Limitations & Future Work¶

Requires a small number of malicious samples to train the projection network; although these do not need to match the test attack types, the method is not applicable in zero-malice scenarios.
Evaluation is limited to three LVLMs and a finite set of attack types; broader model and attack coverage remains to be verified.
The projection dimension (256) and \(k\) value for kNN (50) are manually set; automated selection could further improve performance.
Future work: Combine RCS with safety alignment for dual-layer protection, or explore dynamic layer selection (adaptive selection during inference).

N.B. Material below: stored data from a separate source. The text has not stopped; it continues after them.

Lemma Omega_path3_facts (u : R) : 0 <= u <= 1 ->
  3 / 4 <= Cmod (1 - u * OmP1_re, - (u / 3)) <= 1
  /\ 0.044 * u <= fst (Cinv (1 - u * OmP1_re, - (u / 3))) - 1.
Proof.
  intro Hu; destruct OmP1_re_bounds as [Hr2 Hr].
  assert (HN : (1 - u * OmP1_re) ^ 2 + (- (u / 3)) ^ 2 = 1 - 2 * u * OmP1_re + 4 / 27 * u ^ 2)
    by (replace (4 / 27) with (1 / 27 + 1 / 9) by field; rewrite <- Hr2; field).
  split.
  - apply Cmod_pair_bounds; [lra|]; rewrite HN; nra.
  - eapply Rle_trans; [|apply fst_Cinv_pair_sub_1_ge]; rewrite ?HN; nra.
Qed.

(** * Estimates along the three edges *)

Section Estimates.

Variables (gam e : R).
Hypotheses (He : 1000 <= e) (Hgam : Rabs (2 - gam) <= e).

Lemma exp_neg_e2_le (c y : R) : 0 < c -> 0 < y ->
  exp (- (c * e ^ 2 * y)) <= 27 / (c ^ 3 * e ^ 6 * y ^ 3).
Proof.
  intros Hc Hy.
  assert (He2 : 0 < e ^ 2) by (apply pow_lt; lra).
  eapply Rle_trans; [apply exp_neg_le; apply Rmult_lt_0_compat; [apply Rmult_lt_0_compat|]; lra|].
  right; field; repeat split; lra.
Qed.

Lemma seg1_exponent_le (T W : R) : 5 / 2 <= T <= e / 25 -> 0 <= W <= 1 + T + 2 * T ^ 2 ->
  (2 - gam) * (- ln T) + e / 2 * W - 2 * e ^ 2 * (T / 2 - 1) <= - (1 / 10 * e ^ 2 * T).
Proof.
  intros HT HW.
  assert (HlnT : 0 <= ln T <= T).
  { pose proof (ln_le_sub_1 T ltac:(lra)).
    split; [|lra]. rewrite <- ln_1; apply Rlt_le, ln_increasing; lra. }
  assert (H1 : (2 - gam) * (- ln T) <= e * T).
  { eapply Rle_trans; [apply mul_le_abs_mul|].
    rewrite Rabs_Ropp, (Rabs_right (ln T)) by lra; apply Rmult_le_compat; lra || apply Rabs_pos. }
  assert (H2 : e / 2 * W <= 2 / 25 * e ^ 2 * T).
  { assert (W <= 4 * T ^ 2) by nra.
    assert (e / 2 * W <= e / 2 * (4 * T ^ 2)) by (apply Rmult_le_compat_l; lra).
    assert (2 * e * T * T <= 2 * e * T * (e / 25)) by (apply Rmult_le_compat_l; nra).
    nra. }
  assert (e * T <= e ^ 2 / 50 * T) by (apply Rmult_le_compat_r; nra).
  nra.
Qed.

vs. JailDAM: JailDAM uses CLIP embeddings for one-class OOD detection. However, CLIP does not encode safety-specific signals of the target model, and the one-class design leads to over-rejection. RCS uses the target model's own intermediate layers and contrastive scoring to resolve both issues.
vs. GradSafe/HiddenDetect: GradSafe requires gradient calculations, and HiddenDetect requires multi-layer feature aggregation, leading to higher computational costs. RCS only requires the last token feature of a single layer plus a lightweight projection, making it more efficient.

Rating¶

Novelty: ⭐⭐⭐⭐ Cleverly combines representation engineering and OOD detection for multimodal jailbreak defense.
Experimental Thoroughness: ⭐⭐⭐⭐⭐ Rigorous evaluation across models and attack types with well-designed ablation and motivation experiments.
Writing Quality: ⭐⭐⭐⭐⭐ Logical argumentation from motivation to method design and verification.
Value: ⭐⭐⭐⭐ Provides a practical and efficient detection solution for LVLM safety deployment.